简介
在进行FastBuild优化的时候,需要串行的获取需要的组件的特征,之前是串行进行的,但是由于之前的设计存在问题,因此,总是很低效,主要是如下的原因:
- 镜像需要先下载,然后检测运行环境和检查镜像元数据
- 有些镜像比较大,下载很花时间,前端的请求,大概是15秒,之后就终止了。
- 检查镜像环境的时候,之前是串行进行的
博客 python concurrent.futures 模块线程处理详解介绍的不错
问题代码
def get_image_descriptor(self) -> ImageDescriptor:
"""
获取镜像描述信息
:return:
"""
descriptor = ImageDescriptor(self.image_name)
descriptor.kernel = self.get_kernel_artifact()
descriptor.os = self.get_os_artifact()
descriptor.package_manager = self.get_package_manager_artifact()
descriptor.pip = self.get_pip_artifact()
descriptor.conda = self.get_conda_artifact()

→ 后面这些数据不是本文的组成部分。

Lemma sum_expR_Zpartial_le (l : R) m : (m <= k)%N ->
  \sum_(om : Omega n k) expR (l * \sum_(i < m) Zround i om) <=
  #|{: Omega n k}|%:R * expR (l ^+ 2 / 2 * \sum_(i < m) round_sqsum i).
Proof.
elim: m => [_|m IHm m_lt].
  under eq_bigr do rewrite big_ord0 mulr0 expR0.
  by rewrite big_ord0 mulr0 expR0 mulr1 sumr_const.
pose A om := expR (l * \sum_(i < m) Zround i om).
have A_upd om f : A (upd om (Ordinal m_lt) f) = A om.
  congr (expR (l * _)); apply: eq_bigr => i _; apply: eq_Zround => j j_le.
  rewrite ffunE; case: eqP => // j_eq.
  by move: (leq_ltn_trans j_le (ltn_ord i)); rewrite j_eq /= ltnn.
under eq_bigr do rewrite big_ord_recr mulrDr expRD /=.
apply: le_trans (sum_ffun_mul_le_upd (a := A) A_upd _ _) _.
- by move=> om; exact: expR_ge0.
- by move=> om; exact: (sum_expR_Zround_upd_le (Ordinal m_lt)).
rewrite mulrC (le_trans (ler_wpM2r (expR_ge0 _) (IHm (ltnW m_lt)))) //.
by rewrite -[leLHS]mulrA -expRD -mulrDr big_ord_recr.
Qed.

End Protocol.

Theorem lemma2p12 (R : realType) (n : nat) (E : rel 'I_n)
  (M : nat -> rel 'I_n) (t1 t2 : nat) (x0 : 'I_n -> int)
  (g : nat -> 'I_n -> 'I_n -> R) :
  (t1 < t2)%N ->
  (forall s, is_matching (M s)) ->
  (forall s (u v : 'I_n), M s u v -> E u v) ->
  (forall s (u v : 'I_n), (t1 < s <= t2)%N -> (u < v)%N -> M s u v -> 0 <= g s u v) ->
  let Z := @Zsum R n (t2 - t1)%N M t1 x0 g in
  Exp Z = 0 /\
  forall delta : R, 0 < delta ->
    Pr R (fun om => delta <= `|Z om - Exp Z|) <=
    2 * expR (- (delta ^+ 2 /
      (2 * \sum_(i < t2 - t1) \sum_(u : 'I_n)
             \sum_(v : 'I_n | (u < v)%N && M (t1 + i.+1)%N u v)
               g (t1 + i.+1)%N u v ^+ 2))).
Proof.
move=> _ _ _ _ Z.
have Exp_Z : Exp Z = 0.
  rewrite /Exp (eq_bigr _ (fun om _ => Zsum_round M t1 x0 g om)) exchange_big.
  by rewrite big1 ?mul0r // => i _; exact: sum_Zround_eq0.
split=> // delta delta_gt0; rewrite Exp_Z /Pr ler_pdivrMr; last first.
  by rewrite ltr0n; apply/card_gt0P; exists [ffun _ => [ffun _ => [ffun _ => false]]].
apply: card_abs_ge_le => // [|l].
  by do 3![apply: sumr_ge0 => ? _]; exact: sqr_ge0.
under eq_bigr do rewrite subr0.
exact: sum_expR_Zpartial_le.
Qed.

descriptor.python = self.get_python_artifact()
descriptor.image_id = self.image_id
descriptor.sshd = self.get_sshd_artifact()
descriptor.jupyter_lab = self.get_jupyter_lab_artifact()
return descriptor
优化如下:
def get_image_descriptor(self) -> ImageDescriptor:
"""
获取镜像描述信息
:return:
"""
descriptor = ImageDescriptor(self.image_name)
descriptor.image_id = self.image_id
result = self.get_artifact_result_parallel()
descriptor.kernel = result["get_kernel_artifact"]
descriptor.os = result["get_os_artifact"]
descriptor.package_manager = result["get_package_manager_artifact"]
descriptor.pip = result["get_pip_artifact"]
descriptor.conda = result["get_conda_artifact"]
descriptor.python = result["get_python_artifact"]
descriptor.sshd = result["get_sshd_artifact"]
descriptor.jupyter_lab = result["get_jupyter_lab_artifact"]
return descriptor
def get_all_artifact_funcs(self) -> List:
return [self.get_kernel_artifact, self.get_os_artifact, self.get_package_manager_artifact,
self.get_pip_artifact, self.get_conda_artifact, self.get_python_artifact,
self.get_sshd_artifact, self.get_jupyter_lab_artifact]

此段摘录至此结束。